(* For every directed forest $\mathcal{T}=(V,\mathsf{p})$ there exists a greatest element (with respect to the relation ''thinner than'') in the set of all leafless directed forests with vertex set $V$ that are thinner than $\mathcal{T}$.
   Context: A directed forest is a pair $\mathcal{T}=(V,\mathsf{p})$ where $V$ is a nonempty set and $\mathsf{p}\colon V\to V$ satisfies: if $n\in\mathbb{N}$, $v\in V$ and $\mathsf{p}^n(v)=v$, then $\mathsf{p}(v)=v$. A leaf is an element of $V\setminus\mathsf{p}(V)$; the forest is leafless if $\mathsf{p}(V)=V$. For directed forests $\mathcal{T}_1=(V,\mathsf{p}_1)$, $\mathcal{T}_2=(V,\mathsf{p}_2)$, $\mathcal{T}_1$ is thinner than $\mathcal{T}_2$ if $\mathsf{p}_1(v)\in\{v,\mathsf{p}_2(v)\}$ for every $v\in V$; this is a partial order. *)

From Stdlib Require Import PeanoNat.

Definition directed_forest {V : Type} (p : V -> V) : Prop :=
  forall (n : nat) (v : V), 1 <= n -> Nat.iter n p v = v -> p v = v.

Definition leafless {V : Type} (p : V -> V) : Prop :=
  forall v : V, exists u : V, p u = v.

Definition thinner {V : Type} (p1 p2 : V -> V) : Prop :=
  forall v : V, p1 v = v \/ p1 v = p2 v.

(* Call v a core vertex if it lies in a set S of vertices each of which is the
   image under p of some other vertex of S; the core is closed under p.  The
   greatest leafless forest q moves each core vertex to its parent and fixes
   the others.  If r is leafless and thinner than p, the vertices moved by r
   form such a set S, so r moves only core vertices, and moves them as q does. *)

From Stdlib Require Import ClassicalEpsilon.

Section Core.
Variables (V : Type) (p : V -> V).

Definition properly_covered (S : V -> Prop) : Prop :=
  forall w, S w -> exists u, S u /\ p u = w /\ u <> w.

Definition core (v : V) : Prop := exists S, properly_covered S /\ S v.

Lemma core_preimage v : core v -> exists u, core u /\ p u = v /\ u <> v.
Proof.
  intros [S [HS Sv]].
  destruct (HS v Sv) as [u [Su [pu uv]]].
  exists u; split; [exists S; split; assumption | split; assumption].
Qed.

Lemma core_parent v : core v -> core (p v).
Proof.
  intros [S [HS Sv]].
  destruct (excluded_middle_informative (p v = v)) as [fixed | moved].
  - rewrite fixed; exists S; split; assumption.
  - exists (fun w => S w \/ w = p v); split; [| right; reflexivity].
    intros w [Sw | ->].
    + destruct (HS w Sw) as [u [Su [pu uw]]].
      exists u; split; [left; exact Su | split; assumption].
    + exists v; split; [left; exact Sv |].
      split; [reflexivity |].
      intro e; apply moved; rewrite <- e; reflexivity.
Qed.

Lemma core_iter v n : core v -> core (Nat.iter n p v).
Proof.
  intro Kv; induction n as [| n IH]; [exact Kv | exact (core_parent _ IH)].
Qed.

Definition core_step (v : V) : V :=
  if excluded_middle_informative (core v) then p v else v.

Lemma core_step_core v : core v -> core_step v = p v.
Proof.
  unfold core_step; intro Kv.
  destruct (excluded_middle_informative (core v)); [reflexivity | contradiction].
Qed.

Lemma core_step_not_core v : ~ core v -> core_step v = v.
Proof.
  unfold core_step; intro nKv.
  destruct (excluded_middle_informative (core v)); [contradiction | reflexivity].
Qed.

Lemma iter_core_step v n : core v -> Nat.iter n core_step v = Nat.iter n p v.
Proof.
  intro Kv; induction n as [| n IH]; [reflexivity |].
  simpl; rewrite IH; apply core_step_core, core_iter, Kv.
Qed.

Lemma thinner_core_step : thinner core_step p.
Proof.
  intro v; unfold core_step.
  destruct (excluded_middle_informative (core v)); [right | left]; reflexivity.
Qed.

Lemma leafless_core_step : leafless core_step.
Proof.
  intro v; destruct (excluded_middle_informative (core v)) as [Kv | nKv].
  - destruct (core_preimage v Kv) as [u [Ku [pu _]]].
    exists u; rewrite core_step_core; assumption.
  - exists v; apply core_step_not_core, nKv.
Qed.

Lemma directed_forest_core_step : directed_forest p -> directed_forest core_step.
Proof.
  intros Hp n v n_pos cycle.
  destruct (excluded_middle_informative (core v)) as [Kv | nKv].
  - rewrite iter_core_step in cycle by exact Kv.
    rewrite core_step_core by exact Kv.
    exact (Hp n v n_pos cycle).
  - apply core_step_not_core, nKv.
Qed.

Lemma moved_core (r : V -> V) :
  leafless r -> thinner r p -> forall v, r v <> v -> core v.
Proof.
  intros Hl Ht v rv.
  exists (fun w => r w <> w); split; [| exact rv].
  intros w rw.
  destruct (Hl w) as [u ru].
  assert (uw : u <> w) by (intro e; subst u; exact (rw ru)).
  exists u; split; [rewrite ru; intro e; exact (uw (eq_sym e)) |].
  split; [| exact uw].
  destruct (Ht u) as [fixed | parent].
  - exfalso; apply uw; rewrite <- ru, fixed; reflexivity.
  - rewrite <- parent; exact ru.
Qed.

Lemma thinner_core_step_max (r : V -> V) :
  leafless r -> thinner r p -> thinner r core_step.
Proof.
  intros Hl Ht v.
  destruct (excluded_middle_informative (r v = v)) as [fixed | moved];
    [left; exact fixed | right].
  rewrite core_step_core by exact (moved_core r Hl Ht v moved).
  destruct (Ht v) as [fixed | parent]; [contradiction | exact parent].
Qed.

End Core.

Theorem theorem4p3 (V : Type) (hV : inhabited V) (p : V -> V) :
  directed_forest p ->
  exists q : V -> V,
    (directed_forest q /\ leafless q /\ thinner q p) /\
    (forall r : V -> V,
        directed_forest r -> leafless r -> thinner r p -> thinner r q).
Proof.
  intro Hp; exists (core_step V p); split.
  - split; [apply directed_forest_core_step, Hp |].
    split; [apply leafless_core_step | apply thinner_core_step].
  - intros r _; apply thinner_core_step_max.
Qed.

================

In full and word for word, output the material.

**Completed task**
(* For every directed forest $\mathcal{T}=(V,\mathsf{p})$ there exists a greatest element (with respect to the relation ''thinner than'') in the set of all leafless directed forests with vertex set $V$ that are thinner than $\mathcal{T}$.
   Context: A directed forest is a pair $\mathcal{T}=(V,\mathsf{p})$ where $V$ is a nonempty set and $\mathsf{p}\colon V\to V$ satisfies: if $n\in\mathbb{N}$, $v\in V$ and $\mathsf{p}^n(v)=v$, then $\mathsf{p}(v)=v$. A leaf is an element of $V\setminus\mathsf{p}(V)$; the forest is leafless if $\mathsf{p}(V)=V$. For directed forests $\mathcal{T}_1=(V,\mathsf{p}_1)$, $\mathcal{T}_2=(V,\mathsf{p}_2)$, $\mathcal{T}_1$ is thinner than $\mathcal{T}_2$ if $\mathsf{p}_1(v)\in\{v,\mathsf{p}_2(v)\}$ for every $v\in V$; this is a partial order. *)

From Stdlib Require Import PeanoNat.

Definition directed_forest {V : Type} (p : V -> V) : Prop :=
  forall (n : nat) (v : V), 1 <= n -> Nat.iter n p v = v -> p v = v.

Definition leafless {V : Type} (p : V -> V) : Prop :=
  forall v : V, exists u : V, p u = v.

Definition thinner {V : Type} (p1 p2 : V -> V) : Prop :=
  forall v : V, p1 v = v \/ p1 v = p2 v.

(* Call v a core vertex if it lies in a set S of vertices each of which is the
   image under p of some other vertex of S; the core is closed under p.  The
   greatest leafless forest q moves each core vertex to its parent and fixes
   the others.  If r is leafless and thinner than p, the vertices moved by r
   form such a set S, so r moves only core vertices, and moves them as q does. *)

From Stdlib Require Import ClassicalEpsilon.

Section Core.
Variables (V : Type) (p : V -> V).

Definition properly_covered (S : V -> Prop) : Prop :=
  forall w, S w -> exists u, S u /\ p u = w /\ u <> w.

Definition core (v : V) : Prop := exists S, properly_covered S /\ S v.

Lemma core_preimage v : core v -> exists u, core u /\ p u = v /\ u <> v.
Proof.
  intros [S [HS Sv]].
  destruct (HS v Sv) as [u [Su [pu uv]]].
  exists u; split; [exists S; split; assumption | split; assumption].
Qed.

Lemma core_parent v : core v -> core (p v).
Proof.
  intros [S [HS Sv]].
  destruct (excluded_middle_informative (p v = v)) as [fixed | moved].
  - rewrite fixed; exists S; split; assumption.
  - exists (fun w => S w \/ w = p v); split; [| right; reflexivity].
    intros w [Sw | ->].
    + destruct (HS w Sw) as [u [Su [pu uw]]].
      exists u; split; [left; exact Su | split; assumption].
    + exists v; split; [left; exact Sv |].
      split; [reflexivity |].
      intro e; apply moved; rewrite <- e; reflexivity.
Qed.

Lemma core_iter v n : core v -> core (Nat.iter n p v).
Proof.
  intro Kv; induction n as [| n IH]; [exact Kv | exact (core_parent _ IH)].
Qed.

Definition core_step (v : V) : V :=
  if excluded_middle_informative (core v) then p v else v.

Lemma core_step_core v : core v -> core_step v = p v.
Proof.
  unfold core_step; intro Kv.
  destruct (excluded_middle_informative (core v)); [reflexivity | contradiction].
Qed.

Lemma core_step_not_core v : ~ core v -> core_step v = v.
Proof.
  unfold core_step; intro nKv.
  destruct (excluded_middle_informative (core v)); [contradiction | reflexivity].
Qed.

Lemma iter_core_step v n : core v -> Nat.iter n core_step v = Nat.iter n p v.
Proof.
  intro Kv; induction n as [| n IH]; [reflexivity |].
  simpl; rewrite IH; apply core_step_core, core_iter, Kv.
Qed.

Lemma thinner_core_step : thinner core_step p.
Proof.
  intro v; unfold core_step.
  destruct (excluded_middle_informative (core v)); [right | left]; reflexivity.
Qed.

Lemma leafless_core_step : leafless core_step.
Proof.
  intro v; destruct (excluded_middle_informative (core v)) as [Kv | nKv].
  - destruct (core_preimage v Kv) as [u [Ku [pu _]]].
    exists u; rewrite core_step_core; assumption.
  - exists v; apply core_step_not_core, nKv.
Qed.

Lemma directed_forest_core_step : directed_forest p -> directed_forest core_step.
Proof.
  intros Hp n v n_pos cycle.
  destruct (excluded_middle_informative (core v)) as [Kv | nKv].
  - rewrite iter_core_step in cycle by exact Kv.
    rewrite core_step_core by exact Kv.
    exact (Hp n v n_pos cycle).
  - apply core_step_not_core, nKv.
Qed.

Lemma moved_core (r : V -> V) :
  leafless r -> thinner r p -> forall v, r v <> v -> core v.
Proof.
  intros Hl Ht v rv.
  exists (fun w => r w <> w); split; [| exact rv].
  intros w rw.
  destruct (Hl w) as [u ru].
  assert (uw : u <> w) by (intro e; subst u; exact (rw ru)).
  exists u; split; [rewrite ru; intro e; exact (uw (eq_sym e)) |].
  split; [| exact uw].
  destruct (Ht u) as [fixed | parent].
  - exfalso; apply uw; rewrite <- ru, fixed; reflexivity.
  - rewrite <- parent; exact ru.
Qed.

Lemma thinner_core_step_max (r : V -> V) :
  leafless r -> thinner r p -> thinner r core_step.
Proof.
  intros Hl Ht v.
  destruct (excluded_middle_informative (r v = v)) as [fixed | moved];
    [left; exact fixed | right].
  rewrite core_step_core by exact (moved_core r Hl Ht v moved).
  destruct (Ht v) as [fixed | parent]; [contradiction | exact parent].
Qed.

End Core.

Theorem theorem4p3 (V : Type) (hV : inhabited V) (p : V -> V) :
  directed_forest p ->
  exists q : V -> V,
    (directed_forest q /\ leafless q /\ thinner q p) /\
    (forall r : V -> V,
        directed_forest r -> leafless r -> thinner r p -> thinner r q).
Proof.
  intro Hp; exists (core_step V p); split.
  - split; [apply directed_forest_core_step, Hp |].
    split; [apply leafless_core_step | apply thinner_core_step].
  - intros r _; apply thinner_core_step_max.
Qed.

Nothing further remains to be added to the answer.